There is another reason why passing tests give us weaker evidence than we intuitively feel they do. When a test passes, it confirms something we already expected to be true. We wrote the test because we believed the system should behave that way. Confirmation of an existing belief is the weakest form of evidence, because it does not probe the limits of the belief. It merely restates it in executable form.

This is why some experienced testers may feel a mild, persistent unease even in the face of thousands of passing tests. It is epistemological hygiene built through experience at work.

Why Does a Failed Test Reveal More?

If passing tests give us weaker evidence than we expect, failing tests give us stronger evidence than we typically acknowledge.

A failing test is a learning opportunity. It tells you that you need to investigate. Does the world match your model of it, or is there something else going wrong? Failing tests in any empirical discipline are the engine of understanding. Physics advances when experiments produce results inconsistent with the prevailing theory. Medicine advances when patients respond unexpectedly to treatment. Software understanding advances when a test fails.

There is a philosophical tradition — associated with the Austrian-British thinker Karl Popper — which holds that no amount of confirming evidence can prove a general statement true, but a single disconfirming observation can prove it false. A thousand white swans do not prove that all swans are white. One black swan, however, does prove that not all swans are white.

The same asymmetry applies in testing. Consider this modification to the earlier example:

Python
 
def test_expired_discount_is_rejected():

    cart = Cart()

    cart.add_item(Product(name='Laptop', price=1000.00), quantity=1)

    cart.apply_discount(code='EXPIRED99', percent=10)

    # We expect the discount to be silently ignored

    assert cart.total() == 1000.00


Suppose this test fails — suppose cart.total() returns 900.00. What do we now know?

We know something precise and actionable: the system is applying expired discount codes. We know the specific condition under which it happens. We know the exact incorrect output. We can trace the code path. We can fix it. The failing test has given us a map to the problem.

More importantly, the failing test has revealed something about the gap between our model of the system and its actual behavior. That gap is where risk lives. Every untested gap is a place where your mental model of the software could potentially diverge from what the software actually does. Failing tests can close those gaps. Passing tests, at best, could confirm that a particular gap does not exist.

signal what it means

Passing test

One specific path through the system matched expectations. The model and reality agree on this point.

Failing test

The system's actual behavior diverged from the expected behavior. The model is wrong somewhere — and we now know where.

Test that was never written

No evidence either way. The gap exists, and we have chosen not to look at it.

Test that was written but deleted

The team once had a reason to suspect a problem here. They think that this is not the case or that the same risk is covered by another test.

Flaky test

The system's behavior is non-deterministic under this condition, or the test is sensitive to environmental factors it should not be sensitive to. Either is a signal worth investigating.


There is a practical implication here that is often resisted: when a test fails, the correct initial response is not to fix the code. It is to understand what the failure is telling you about the system. Sometimes the code is wrong. Sometimes the test is wrong.
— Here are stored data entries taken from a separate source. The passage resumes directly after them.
(* Let $F_1=1+5x-8x^2+x^3$, $G_0=1-x+x^2$, $G_1=1-235x+1430x^2-1695x^3+270x^4+229x^5+x^6$, and $\Phi_3(x)=\dfrac{1728\,x(x-1)F_1^7}{G_0^3G_1^3}$. Then in a neighborhood of $x=0$ (with all radical factors taking the value $1$ at $x=0$): $${}_3F_2\!\left(-\tfrac1{42},\tfrac{13}{42},\tfrac{9}{14};\tfrac47,\tfrac67;\Phi_3\right)=(1-x)^{1/7}G_0^{-1/14}G_1^{-1/14},$$ $${}_3F_2\!\left(\tfrac5{42},\tfrac{19}{42},\tfrac{11}{14};\tfrac57,\tfrac87;\Phi_3\right)=(1-x)^{2/7}F_1^{-1}G_0^{5/14}G_1^{5/14},$$ $${}_3F_2\!\left(\tfrac{17}{42},\tfrac{31}{42},\tfrac{15}{14};\tfrac97,\tfrac{10}7;\Phi_3\right)=(1-x)^{-3/7}F_1^{-3}G_0^{17/14}G_1^{17/14}.$$
   Context: ${}_3F_2(\alpha_1,\alpha_2,\alpha_3;\beta_1,\beta_2;z)=\sum_{n\ge0}\frac{(\alpha_1)_n(\alpha_2)_n(\alpha_3)_n}{(\beta_1)_n(\beta_2)_n n!}z^n$. Note $\Phi_3(0)=0$. *)

From Stdlib Require Import Reals Factorial.
Open Scope R_scope.

Fixpoint poch (a : R) (n : nat) : R :=
  match n with
  | O => 1
  | S m => poch a m * (a + INR m)
  end.

Definition hyp32_coef (a1 a2 a3 b1 b2 : R) (n : nat) : R :=
  poch a1 n * poch a2 n * poch a3 n / (poch b1 n * poch b2 n * INR (fact n)).

Definition hyp32_sum (a1 a2 a3 b1 b2 z l : R) : Prop :=
  infinite_sum (fun n => hyp32_coef a1 a2 a3 b1 b2 n * z ^ n) l.

Definition F1 (x : R) : R := 1 + 5*x - 8*x^2 + x^3.
Definition G0 (x : R) : R := 1 - x + x^2.
Definition G1 (x : R) : R :=
  1 - 235*x + 1430*x^2 - 1695*x^3 + 270*x^4 + 229*x^5 + x^6.
Definition Phi3 (x : R) : R :=
  1728 * x * (x - 1) * F1 x ^ 7 / (G0 x ^ 3 * G1 x ^ 3).

From Stdlib Require Import Reals Lra Lia ZArith List.
From Coquelicot Require Import Coquelicot.
Import ListNotations.
Open Scope R_scope.

(* Write e1 = 1 - b1, e2 = 1 - b2 and theta = z d/dz.  The 3F2 equation
   theta (theta - e1) (theta - e2) F = z (theta + a1) (theta + a2) (theta + a3) F turns the
   Frobenius components of F at z = 0 (local exponents e_0 = 0, e_1, e_2) into a first-order
   system  theta F_k = e_k F_k + z / (1 - z) sum_j mu_j F_j,  of which F is a fixed linear
   combination.  For each identity, explicit algebraic functions H_k = b_k / (49 Np^3) * h, with h
   the claimed right-hand side and b_k integer polynomials, satisfy the same system pulled back
   along z = Phi3(x) and take the right values at x = 0; the polynomial identities behind this are
   checked by computation.  The differences F_k(Phi3 x) - H_k(x) solve a linear system with a
   regular singular point at x = 0 and vanish there; as every e_k <= 3/7 < 1, the energy
   E = sum_k ((F_k o Phi3 - H_k) / Phi3)^2 is bounded and satisfies x E' <= - E, hence E = 0. *)

(** * Integer polynomials *)

Definition zpoly := list Z.

Fixpoint zeval (p : zpoly) (x : R) : R :=
  match p with [] => 0 | a :: p' => IZR a + x * zeval p' x end.

Fixpoint zadd (p q : zpoly) : zpoly :=
  match p, q with
  | [], _ => q
  | _, [] => p
  | a :: p', b :: q' => (a + b)%Z :: zadd p' q'
  end.

Definition zscale (c : Z) (p : zpoly) : zpoly := map (Z.mul c) p.

Definition zsub (p q : zpoly) : zpoly := zadd p (zscale (-1) q).

Fixpoint zmul (p q : zpoly) : zpoly :=
  match p with [] => [] | a :: p' => zadd (zscale a q) (0%Z :: zmul p' q) end.

Fixpoint zpow (p : zpoly) (n : nat) : zpoly :=
  match n with O => [1%Z] | S n' => zmul p (zpow p n') end.

Fixpoint zderiv (p : zpoly) : zpoly :=
  match p with [] => [] | _ :: p' => zadd p' (0%Z :: zderiv p') end.

Definition zeqb (p q : zpoly) : bool := forallb (Z.eqb 0) (zsub p q).

Lemma zeval_add p q x : zeval (zadd p q) x = zeval p x + zeval q x.
Proof.
  revert q; induction p as [|a p IH]; intros [|b q]; simpl; try ring.
  rewrite IH, plus_IZR; ring.
Qed.

Lemma zeval_scale c p x : zeval (zscale c p) x = IZR c * zeval p x.
Proof. induction p as [|a p IH]; simpl; [ring|]. rewrite IH, mult_IZR; ring. Qed.

Lemma zeval_sub p q x : zeval (zsub p q) x = zeval p x - zeval q x.
Proof. unfold zsub. rewrite zeval_add, zeval_scale. ring. Qed.

Lemma zeval_mul p q x : zeval (zmul p q) x = zeval p x * zeval q x.
Proof.
  induction p as [|a p IH]; simpl; [ring|].
  rewrite zeval_add, zeval_scale; simpl. rewrite IH. ring.
Qed.

Lemma zeval_pow p n x : zeval (zpow p n) x = zeval p x ^ n.
Proof. induction n as [|n IH]; simpl; [ring|]. rewrite zeval_mul, IH; ring. Qed.

Lemma zeval_cons0 a p : zeval (a :: p) 0 = IZR a.
Proof. simpl; ring. Qed.

Lemma zeqb_zeval p q x : zeqb p q = true -> zeval p x = zeval q x.
Proof.
  unfold zeqb; intros Hpq; apply Rminus_diag_uniq; rewrite <- zeval_sub.
  induction (zsub p q) as [|a r IH]; [reflexivity|].
  cbn [forallb] in Hpq; apply andb_prop in Hpq as [Ha Hr]; apply Z.eqb_eq in Ha; subst a.
  cbn [zeval]; rewrite IH by exact Hr; ring.
Qed.

Lemma is_derive_zeval p x : is_derive (zeval p) x (zeval (zderiv p) x).
Proof.
  induction p as [|a p IH]; simpl.
  - apply is_derive_Reals, derivable_pt_lim_const.
  - rewrite zeval_add; simpl.
    replace (zeval p x + (0 + x * zeval (zderiv p) x))
      with (0 + (1 * zeval p x + x * zeval (zderiv p) x)) by ring.
    apply (is_derive_plus (fun _ => IZR a) (fun y => y * zeval p y));
      [apply is_derive_Reals, derivable_pt_lim_const|].
    apply (is_derive_mult (fun y => y) (zeval p)); [auto_derive; auto | exact IH | exact Rmult_comm].
Qed.

Lemma continuity_pt_zeval p x : continuity_pt (zeval p) x.
Proof.
  apply continuity_pt_filterlim, (ex_derive_continuous (zeval p)).
  eexists; apply is_derive_zeval.
Qed.

(** * Properties near 0 *)

Definition near0 (P : R -> Prop) : Prop := exists d, 0 < d /\ forall x, Rabs x < d -> P x.

Lemma near0_and (P Q : R -> Prop) : near0 P -> near0 Q -> near0 (fun x => P x /\ Q x).
Proof.
  intros [d1 [Hd1 HP]] [d2 [Hd2 HQ]].
  exists (Rmin d1 d2); split; [now apply Rmin_glb_lt|].
  intros x Hx; split; [apply HP | apply HQ];
    eapply Rlt_le_trans; eauto using Rmin_l, Rmin_r.
Qed.

Lemma near0_impl (P Q : R -> Prop) : near0 P -> (forall x, P x -> Q x) -> near0 Q.
Proof. intros [d [Hd HP]] HPQ; exists d; auto. Qed.

Lemma near0_ball d : 0 < d -> near0 (fun x => Rabs x < d).
Proof. intros Hd; exists d; auto. Qed.

Lemma near0_forall3 (P : nat -> R -> Prop) :
  (forall k, (k <= 2)%nat -> near0 (P k)) -> near0 (fun x => forall k, (k <= 2)%nat -> P k x).
Proof.
  intros HP.
  assert (H012 := near0_and _ _ (HP 0%nat ltac:(lia))
                    (near0_and _ _ (HP 1%nat ltac:(lia)) (HP 2%nat ltac:(lia)))).
  apply (near0_impl _ _ H012); intros x [H0 [H1 H2]] [|[|[|k]]] Hk; auto; lia.
Qed.

Lemma near0_lt_of_continuity (f : R -> R) (v : R) :
  continuity_pt f 0 -> f 0 < v -> near0 (fun x => f x < v).
Proof.
  intros Hc Hv. destruct (Hc (v - f 0) ltac:(lra)) as [d [Hd Hf]].
  exists d; split; [exact Hd|]. intros x Hx.
  destruct (Req_dec x 0) as [->|Hx0]; [exact Hv|].
  assert (Hdist : R_dist (f x) (f 0) < v - f 0).
  { apply Hf; split; [split; [exact I | auto] |].
    simpl; unfold R_dist; rewrite Rminus_0_r; exact Hx. }
  unfold R_dist in Hdist. apply Rabs_def2 in Hdist. lra.
Qed.

Lemma near0_gt_of_continuity (f : R -> R) (v : R) :
  continuity_pt f 0 -> v < f 0 -> near0 (fun x => v < f x).
Proof.
  intros Hc Hv.
  apply (near0_impl (fun x => - f x < - v)); [|intros; lra].
  apply (near0_lt_of_continuity (fun x => - f x)); [now apply continuity_pt_opp | lra].
Qed.

(** * The hypergeometric system *)

Lemma poch_pos b n : 0 < b -> 0 < poch b n.
Proof.
  intros Hb; induction n as [|n IH]; simpl; [lra|].
  apply Rmult_lt_0_compat; [exact IH|]. pose proof (pos_INR n); lra.
Qed.

Lemma hyp32_coef_0 a1 a2 a3 b1 b2 : hyp32_coef a1 a2 a3 b1 b2 0 = 1.
Proof. unfold hyp32_coef; simpl; field. Qed.

Lemma hyp32_coef_succ a1 a2 a3 b1 b2 n : 0 < b1 -> 0 < b2 ->
  hyp32_coef a1 a2 a3 b1 b2 (S n) * ((INR n + 1) * (INR n + b1) * (INR n + b2)) =
  hyp32_coef a1 a2 a3 b1 b2 n * ((INR n + a1) * (INR n + a2) * (INR n + a3)).
Proof.
  intros Hb1 Hb2. unfold hyp32_coef. simpl poch.
  rewrite fact_simpl, mult_INR, S_INR.
  pose proof (poch_pos b1 n Hb1). pose proof (poch_pos b2 n Hb2).
  pose proof (INR_fact_lt_0 n). pose proof (pos_INR n).
  field. repeat split; lra.
Qed.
Sometimes the requirement was ambiguous, and the failure has surfaced a genuine disagreement about what the system should do. Each of these is a different kind of finding, and treating them all as "bugs to fix" discards important distinctions. Let’s have a closer look:

If a failure is caused by our code, we should go beyond just fixing the implementation. The investigation should identify why the code violated the expected behavior. Was it a faulty algorithm? An overlooked edge case? A misunderstanding of an API? A race condition? A hidden dependency? Each answer reveals something about the system’s weaknesses. It often suggests broader improvements, such as simplifying the design or adding similar tests in related areas. If the investigation stops at changing a few lines of code until the test turns green, the defect disappears, but our feedback about the system is lost.

A failure caused by an incorrect test requires a very different response. The test might contain an invalid assumption or outdated expectations. It might contain unrealistic test data, an incorrect oracle, or excessive coupling to implementation details. The goal is not just to make the test green. It is to understand why the test reached the wrong conclusion, if the conclusion was actually wrong. Was the behavior intentionally changed? Did the test encode a misunderstanding of the requirement? Was it checking something that should never have been specified in the first place? Correcting the test improves not only the quality of the test suite but also the credibility of every future failure. A trustworthy test suite is built as much by removing incorrect tests as by adding new ones.
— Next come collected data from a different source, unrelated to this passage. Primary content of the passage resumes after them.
(* Let $\Omega\subset\mathbb{R}^2$ have property (i). 1. If $\Omega$ has property $( * )$, then for every point $\omega\in\partial\Omega$ there exists $\omega^\diamond\in\partial\Omega^\diamond$ such that $\omega\in L(\omega^\diamond)$. 2. If $\Omega$ has property $( ** )$, then for every point $\omega^\diamond\in\partial\Omega^\diamond$ there exists $\omega\in\partial\Omega$ such that $\omega\in L(\omega^\diamond)$.
   Context: Points of $\mathbb{R}^2$: $(x,y)$; of $\mathbb{R}^{2*}$: $(p,q)$. Antipolar: $\Omega^\diamond=\{(p,q):px-qy\ge1\ \forall (x,y)\in\Omega\}$. For $\omega^\diamond=(p,q)$, $L(\omega^\diamond)=\{(x,y)\in\mathbb{R}^2: px-qy=1\}$. Property (i): $\Omega$ nonempty, convex, closed, $0\notin\Omega$, $\lambda\Omega\subset\Omega$ for all $\lambda>1$. $( * )$: $\lambda\Omega\cap\partial\Omega=\varnothing$ for all $\lambda>1$. $( ** )$: with $C=\operatorname{cl}(\mathbb{R}_+\Omega)$, $\mathbb{R}_+=[0,\infty)$, and $\partial C=l_0\cup l_1$ its two boundary rays, $\operatorname{dist}(l_0,\Omega)=\operatorname{dist}(l_1,\Omega)=0$. *)

From HB Require Import structures.
From mathcomp Require Import all_boot all_order all_algebra.
From mathcomp Require Import all_classical all_reals all_analysis.
Set Implicit Arguments. Unset Strict Implicit. Unset Printing Implicit Defensive.
Import Order.TTheory GRing.Theory Num.Theory numFieldNormedType.Exports.
Local Open Scope classical_set_scope.
Local Open Scope ring_scope.

Section Defs.
Variable R : realType.
Notation P := (R * R)%type.

Definition bdry (A : set P) : set P := closure A `\` interior A.

Definition scal (l : R) (w : P) : P := (l * w.1, l * w.2).

Definition convex2 (A : set P) : Prop :=
  forall a b, A a -> A b -> forall t : R, 0 <= t <= 1 ->
    A (t * a.1 + (1 - t) * b.1, t * a.2 + (1 - t) * b.2).

Definition scale_set (l : R) (A : set P) : set P := [set scal l w | w in A].

Definition prop_i (O : set P) : Prop :=
  O !=set0 /\ convex2 O /\ closed O /\ ~ O (0, 0) /\
  (forall l : R, 1 < l -> scale_set l O `<=` O).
Perhaps the most valuable case is when the failure exposes an ambiguous requirement. Here, neither the code nor the test is necessarily wrong. Instead, the failure reveals that different people disagree on what the system is supposed to do. Developers may have implemented one interpretation, testers another, and product owners may discover that neither matches the intended behavior. The correct action is not to modify the code or the test immediately, but to resolve the ambiguity by making the requirement explicit. Once the intended behavior is agreed upon, both the implementation and the test can be aligned with that shared understanding. In this sense, the failure has uncovered a gap in what the system does.

These three outcomes illustrate why treating every failed test simply as “a bug to fix” is a missed learning opportunity. A failed test could be evidence that two views of the system disagree: the implementation, the test, and the specification can each represent a different view. Understanding which disagreement has occurred determines the appropriate action and produces knowledge that survives long after the immediate failure has been resolved.

What Counts as Evidence That Software Is "Correct"?

The word "correct" appears constantly in discussions of software quality. We want the software to be correct. We test to verify correctness. We define done as correct behavior. But what does correctness actually mean, and what kind of evidence is capable of establishing it?

Correctness is always relative to a specification. Software is correct if it behaves in accordance with what it is specified to do. This sounds straightforward until you examine it closely, at which point three problems emerge immediately.

The Specification Problem

More often than not, software does not have a complete, unambiguous specification. It has a collection of requirements documents in varying states of currency. It could be user stories in a backlog or tribal knowledge in engineers' heads. It could be a legacy codebase that implicitly encodes decisions no one can fully reconstruct. The specification against which correctness would be measured is itself a moving, contested, partially-documented target.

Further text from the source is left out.